- Born: November 3, 1963 (age 62), September 24, 1965 (age 60) or May 10, 1966 (age 59) Las Avilas, Teloloapan, Guerrero, Mexico
- Other names: El Indio, El Chayán.
- Occupation: Cartel lieutenant
- Employer: Los Negros

Notes
- $ 2 million USD bounty. Arrested on April 21, 2010.

= Gerardo Alvarez-Vazquez =

Mexican drug trafficker

José Gerardo Álvarez-Vázquez (aka: El Indio or El Chayán) is a Mexican drug trafficker who worked for the Beltrán-Leyva Cartel and then for Édgar Valdez Villarreal's criminal organization known as Los Negros. In 2008, the United States government offered a $2 million reward for his capture.

==Drug trafficking==
According to Mexican federal authorities, Álvarez Vázquez presumably controlled the transport of drugs in the State of Mexico as well in the state of Guerrero. It is said that he fought for the leadership for the organization against Héctor Beltrán Leyva and Sergio Villarreal Barragán with the help of Edgar Valdez Villarreal. He was also in charge of some routes for the transport of drugs to the U.S. on behalf of the Beltrán Leyva and Sinaloa Cartels.

==Kingpin Act sanction==
On 2 October 2008, the United States Department of the Treasury sanctioned Álvarez Vázquez under the Foreign Narcotics Kingpin Designation Act (sometimes referred to simply as the "Kingpin Act"), for his involvement in drug trafficking along with nine other international criminals and six entities.
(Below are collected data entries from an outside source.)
Lemma measurable_rhos : measurable_fun D rhos.
Proof. by case: rhos_density. Qed.

Lemma measurable_Rt s : I s -> measurable_fun D (Rt rho s).
Proof. by move=> Is; exact/measurable_fun_sqrt/measurable_rho. Qed.

Lemma measurable_Rstar : measurable_fun D (fun x => Rstar x).
Proof. exact/measurable_fun_sqrt/measurable_rhos. Qed.

Lemma Rt_Rstar_le s x : I s -> D x -> Rt rho s x * Rstar x <= rho s x + rhos x.
Proof. by move=> Is Dx; apply: sqrt_mul_le_add; rewrite ltW ?rho_gt0 ?rhos_gt0. Qed.

Lemma integrable_overlap s : I s ->
  mu.-integrable D (EFin \o (fun x => Rt rho s x * Rstar x)).
Proof.
move=> Is; apply: (le_integrable mD (g := (EFin \o rho s) \+ (EFin \o rhos))).
- exact/measurable_EFinP/(measurable_funM (measurable_Rt Is) measurable_Rstar).
- move=> x Dx /=.
  have sum_ge0 : 0 <= rho s x + rhos x by rewrite addr_ge0 ?ltW ?rho_gt0 ?rhos_gt0.
  rewrite lee_fin (ger0_norm sum_ge0) ger0_norm ?mulr_ge0 ?sqrtr_ge0 //.
  exact: Rt_Rstar_le.
- exact: integrableD (integrable_rho Is) integrable_rhos.
Qed.

Lemma is_derive_Rt s x : I s -> D x ->
  is_derive s 1 (fun u => Rt rho u x) ((Phi s x - mean s) * Rt rho s x / 2).
Proof.
move=> Is Dx; have rho_pos := rho_gt0 Is Dx.
have dsqrt_rho := is_derive1_comp (is_derive1_sqrt rho_pos) (rho_flow Is Dx).
apply: (is_derive_eq dsqrt_rho).
have rho_sqr : rho s x = Rt rho s x ^+ 2 by rewrite sqr_Rt.
rewrite /mean {2}rho_sqr /Rt.
by field; rewrite gt_eqF // sqrtr_gt0.
Qed.

Section fixed_time.
Variable t : R.
Hypothesis It : I t.

Local Notation r x := (Rt rho t x).
Local Notation F x := (Phi t x - mean t).
Local Notation H := (Hang mu D rho rhos t).
Local Notation K := (2 * H / sin H).

(* Every integrand below is bounded by a multiple of [envelope], which is
   integrable by the hypotheses on [Phi^2 rho] and [Phi^2 rho^*]. *)
Definition envelope x := (1 + Phi t x ^+ 2) * (rho t x + rhos x).

Definition dominated (f : T -> R) :=
  measurable_fun D f /\ exists C : R, forall x, D x -> `|f x| <= C * envelope x.

Definition weight (w : T -> R) :=
  measurable_fun D w /\ forall x, D x -> 0 <= w x <= rho t x + rhos x.

Lemma integrable_envelope : mu.-integrable D (EFin \o envelope).
Proof.
apply: (le_integrable mD (g := (((EFin \o rho t) \+ (EFin \o rhos))
  \+ (fun x => ((Phi t x) ^+ 2 * rho t x)%:E))
  \+ (fun x => ((Phi t x) ^+ 2 * rhos x)%:E))).
- apply/measurable_EFinP/measurable_funM.
    exact: measurable_funD (measurable_cst _) (measurable_funX _ (mPhi It)).
  exact: measurable_funD (measurable_rho It) measurable_rhos.
- move=> x Dx /=; rewrite lee_fin le_eqVlt; apply/orP; left; apply/eqP.
  by congr `|_|; rewrite /envelope; ring.
- apply: integrableD => //; last exact: Phi2_rhos_int.
  apply: integrableD => //; last exact: Phi2_rho_int.
  exact: integrableD (integrable_rho It) integrable_rhos.
Qed.

Lemma integrable_dominated (f : T -> R) : dominated f -> mu.-integrable D (EFin \o f).
Proof.
case=> mf [C f_le].
apply: (le_integrable mD (g := fun x => (C%:E * (EFin \o envelope) x)%E)).
- exact/measurable_EFinP.
- by move=> x Dx /=; rewrite lee_fin (le_trans (f_le x Dx)) ?ler_norm.
- exact: integrableZl integrable_envelope.
Qed.

Lemma dominatedD (f g : T -> R) : dominated f -> dominated g -> dominated (fun x => f x + g x).
Proof.
move=> [mf [C1 f_le]] [mg [C2 g_le]]; split; first exact: measurable_funD.
exists (C1 + C2) => x Dx; apply: le_trans (ler_normD _ _) _.
by rewrite mulrDl lerD ?f_le ?g_le.
Qed.

Lemma dominatedZ (k : R) (f : T -> R) : dominated f -> dominated (fun x => k * f x).
Proof.
move=> [mf [C f_le]]; split; first exact: measurable_funM (measurable_cst _) mf.
by exists (`|k| * C) => x Dx; rewrite normrM -mulrA ler_wpM2l ?f_le.
Qed.

Lemma Rintegral_domD (f g : T -> R) : dominated f -> dominated g ->
  \int[mu]_(x in D) (f x + g x) = \int[mu]_(x in D) f x + \int[mu]_(x in D) g x.
Proof. by move=> /integrable_dominated f_int /integrable_dominated; exact: RintegralD. Qed.

Lemma Rintegral_domZ (k : R) (f : T -> R) : dominated f ->
  \int[mu]_(x in D) (k * f x) = k * \int[mu]_(x in D) f x.
Proof. by move=> /integrable_dominated; exact: RintegralZl. Qed.

Lemma dominated_weighted (w f : T -> R) (C : R) : weight w -> measurable_fun D f ->
    (forall x, D x -> `|f x| <= C * (1 + Phi t x ^+ 2)) ->
  dominated (fun x => w x * f x).
Proof.
move=> [mw w_bnd] mf f_le; split; first exact: measurable_funM.
exists C => x Dx; have /andP[w_ge0 w_le] := w_bnd x Dx.
rewrite normrM (ger0_norm w_ge0).
rewrite (_ : C * _ = (rho t x + rhos x) * (C * (1 + Phi t x ^+ 2))).
  exact: ler_pM w_ge0 (normr_ge0 _) w_le (f_le x Dx).
by rewrite /envelope; ring.
Qed.

Lemma weight_RR : weight (fun x => r x ^+ 2).
Proof.
split; first exact: measurable_funX (measurable_Rt It).
by move=> x Dx; rewrite sqr_Rt // ltW ?rho_gt0 //= lerDl ltW ?rhos_gt0.
Qed.

Lemma weight_RS : weight (fun x => r x * Rstar x).
Proof.
split; first exact: measurable_funM (measurable_Rt It) measurable_Rstar.
by move=> x Dx; rewrite Rt_Rstar_le // mulr_ge0 ?sqrtr_ge0.
Qed.

Lemma weight_SS : weight (fun x => Rstar x ^+ 2).
Proof.
split; first exact: measurable_funX measurable_Rstar.
by move=> x Dx; rewrite sqr_Rstar // ltW ?rhos_gt0 //= lerDr ltW ?rho_gt0.
Qed.

Lemma measurable_F : measurable_fun D (fun x => F x).
Proof. exact: measurable_funB (mPhi It) (measurable_cst _). Qed.

Lemma dominated_w (w : T -> R) : weight w -> dominated w.
Proof.
move=> ww; have -> : w = (fun x => w x * 1) by apply/funext => x; rewrite mulr1.
apply: (dominated_weighted (C := 1) ww (measurable_cst _)) => x _.
by rewrite normr1 mul1r lerDl sqr_ge0.
Qed.

Lemma dominated_wF (w : T -> R) : weight w -> dominated (fun x => w x * F x).
Proof.
move=> ww; apply: (dominated_weighted (C := 2 + 2 * mean t ^+ 2) ww measurable_F).
by move=> x _; apply: le_trans (normr_le_1Dsqr _) (ler_1DsqrB _ _).
Qed.

Lemma dominated_wF2 (w : T -> R) : weight w -> dominated (fun x => w x * F x ^+ 2).
Proof.
move=> ww; apply: (dominated_weighted (C := 2 + 2 * mean t ^+ 2) ww).
  exact: measurable_funX measurable_F.
move=> x _; apply: le_trans _ (ler_1DsqrB (Phi t x) (mean t)).
by rewrite ger0_norm ?sqr_ge0 // lerDr.
Qed.

Lemma dominated_wPhi (w : T -> R) : weight w -> dominated (fun x => w x * Phi t x).
Proof.
move=> ww; apply: (dominated_weighted (C := 1) ww (mPhi It)) => x _.
by rewrite mul1r normr_le_1Dsqr.
Qed.

Ltac dominated := solve [repeat first
  [ apply: dominatedD | apply: dominatedZ
  | apply: dominated_wF2 | apply: dominated_wF | apply: dominated_wPhi
  | apply: dominated_w
  | exact: weight_RR | exact: weight_RS | exact: weight_SS ]].

Ltac Rintegral_expand :=
  rewrite ?Rintegral_domD; try dominated; rewrite ?Rintegral_domZ; try dominated.

Lemma Rintegral_sqr_Rt : \int[mu]_(x in D) (r x ^+ 2) = 1.
Proof.
have [_ _ _ <-] := rho_density It.
by apply: eq_Rintegral => x /[!inE] Dx; rewrite sqr_Rt.
Qed.

Lemma Rintegral_sqr_Rstar : \int[mu]_(x in D) (Rstar x ^+ 2) = 1.
Proof.
have [_ _ _ <-] := rhos_density.
by apply: eq_Rintegral => x /[!inE] Dx; rewrite sqr_Rstar.
Qed.

Lemma Rintegral_sqr_Rt_Phi : \int[mu]_(x in D) (r x ^+ 2 * Phi t x) = mean t.
Proof. by apply: eq_Rintegral => x /[!inE] Dx; rewrite sqr_Rt // mulrC. Qed.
The act prohibited U.S. citizens and companies from doing any kind of business activity with him, and virtually froze all his assets in the U.S.

==Capture==
On April 21, 2010, the Mexican military raided a household in Huixquilucan; during the raid, troops were met with gunfire from cartel gunmen. After the gunfight, soldiers cordoned off the zone which led to the capture of Gerardo Alvarez-Vázquez.